役作りのためには、資料ではわからない空気感を吸収するために、現場に足を運びます。『硫黄島からの手紙』でも、お墓参りを兼ねて、主役の栗林忠道(陸軍中将)が生まれ育った長野に足を運びました。山に囲まれて、雪の中で育った男が、海の中にポツンとある硫黄島で、どのように死を迎えたのか。何に喜び、悲しみ、苦しんだのか?彼の目線や住まいが脳裏に焼き付いて、演技をしながら「この景色、どこかで見たぞ!」と思いました。だから、実際の生存者の方々が映画を見て、「ここに私たちがいます」と言ってくれたのはうれしかったですね。

『硫黄島からの手紙』は、俳優として培った全精力を傾けないとできない仕事でした。政治的にも社会的にも影響力のある話で、ひとつ間違えると単なる愛国映画になってしまう。いろいろな意味で、慎重かつ大胆にしなければいけないと、イーストウッド監督とディスカッションをしながら進めました。

アメリカに留学したことのある男(栗林)を演じたのですが、日米で仕事をし、暮らして、友達ができて、それぞれのいい面を感じることが多くなった自分だからこそ、この役ができるんだな、3~4年アメリカで仕事をしていたのは、このためだったのかと思いました。

僕は、拠点というものは、特に意識していません。僕自身は一緒なのだから、生きていけて、「自分は何者なんだ」という信念を感じられれば、どこでもいい。LAは楽だけれど、新潟出身としては四季が恋しいですが……。一生懸命、自分の四季を呼び覚まさないとね。また、ここに暮らすようになって、大らかにタフになったと思います。「僕は僕で、こうやって生きています」というように、各々が許されていて、許容量が多い。

基本的には家族のいる場所が帰る場所です。
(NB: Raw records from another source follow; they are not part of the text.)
Theorem theorem1 (V : finType) (e : rel V) (M : nat) (D : nat)
    (gamma : nat -> V -> nat) (sched : nat -> V -> bool) (p0 : V)
    (k : int) (rho : nat) :
    (3 <= M)%N -> (2 <= #|V|)%N ->
    symmetric e -> irreflexive e -> connected e ->
    is_diameter e D ->
    execution e M gamma sched ->
    WU0 e M (gamma 0%N) ->
    (forall t p, exists t', (t <= t')%N /\ sched t' p) ->
    (forall q, 0 <= delta e M (gamma 0%N) p0 q) ->
    let bot0 : int := (gamma 0%N p0)%:Z in
    let lift0 : V -> int := fun p => bot0 + delta e M (gamma 0%N) p0 p in
    bot0 + D%:Z <= k -> (1 <= rho)%N ->
    exists C C' : V -> nat,
      [/\ is_Ck lift0 sched k C, is_Ck lift0 sched (k + rho%:Z) C',
          coherent e sched C /\ coherent e sched C', cut_le sched C C' &
          wavelet e sched rho C C' (fun p t => t = C' p)].
Proof.
move=> M_ge3 _ e_sym _ conn [diam _] exec wu0 fair _ bot0 lift0 k_ge _.
have lift0_lifting : lifting e M (gamma 0%N) lift0 := initial_lifting_spec M_ge3 p0 wu0 conn.
have lift0_le p : lift0 p <= k.
  have := initial_lifting_le M_ge3 wu0 (diam p0 p).
  by rewrite /initial_lifting /lift0 /bot0 in k_ge *; lia.
have lift0_le' p : lift0 p <= k + rho%:Z by have := lift0_le p; lia.
have [C C_k] := Ck_exists fair lift0_le.
have [C' C'_k] := Ck_exists fair lift0_le'.
have wav := Ck_wavelet M_ge3 e_sym exec lift0_lifting p0 lift0_le C_k C'_k.
by exists C, C'; case: (wav) => coh le_CC' _ _ _; split.
Qed.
そして1番大切なのは、子供にとってどこがベースになるかということ。「どんな仕事をしていきたい?」「子供にどんなアイデンティティーを持たせたい?」と、時間をかけ、ゆっくり考えていきたいですね。長いプロジェクトになるけれど、20~30年後に結果が出ればと思います。

The Last Samurai ©2003 Warner Bros.

最近の主な出演作品紹介

The Last Samurai[2003]
出演 | トム・クルーズ、渡辺謙、真田広之、他
監督 | エドワード・ズウィック

Memoirs of A Geisha[2005]
出演 | チャン・ツィイー、渡辺謙、コン・リー、他
監督 | ロブ・マーシャル

Memories of Tomorrow[2006]
出演 | 渡辺謙、樋口可南子、坂口憲ニ、他
監督 | 堤幸彦

Letters from Iwo Jima[公開中]
出演|渡辺謙、二宮和也、伊原剛志、他
監督|クリント・イーストウッド
 
(2007年1月1日号掲載)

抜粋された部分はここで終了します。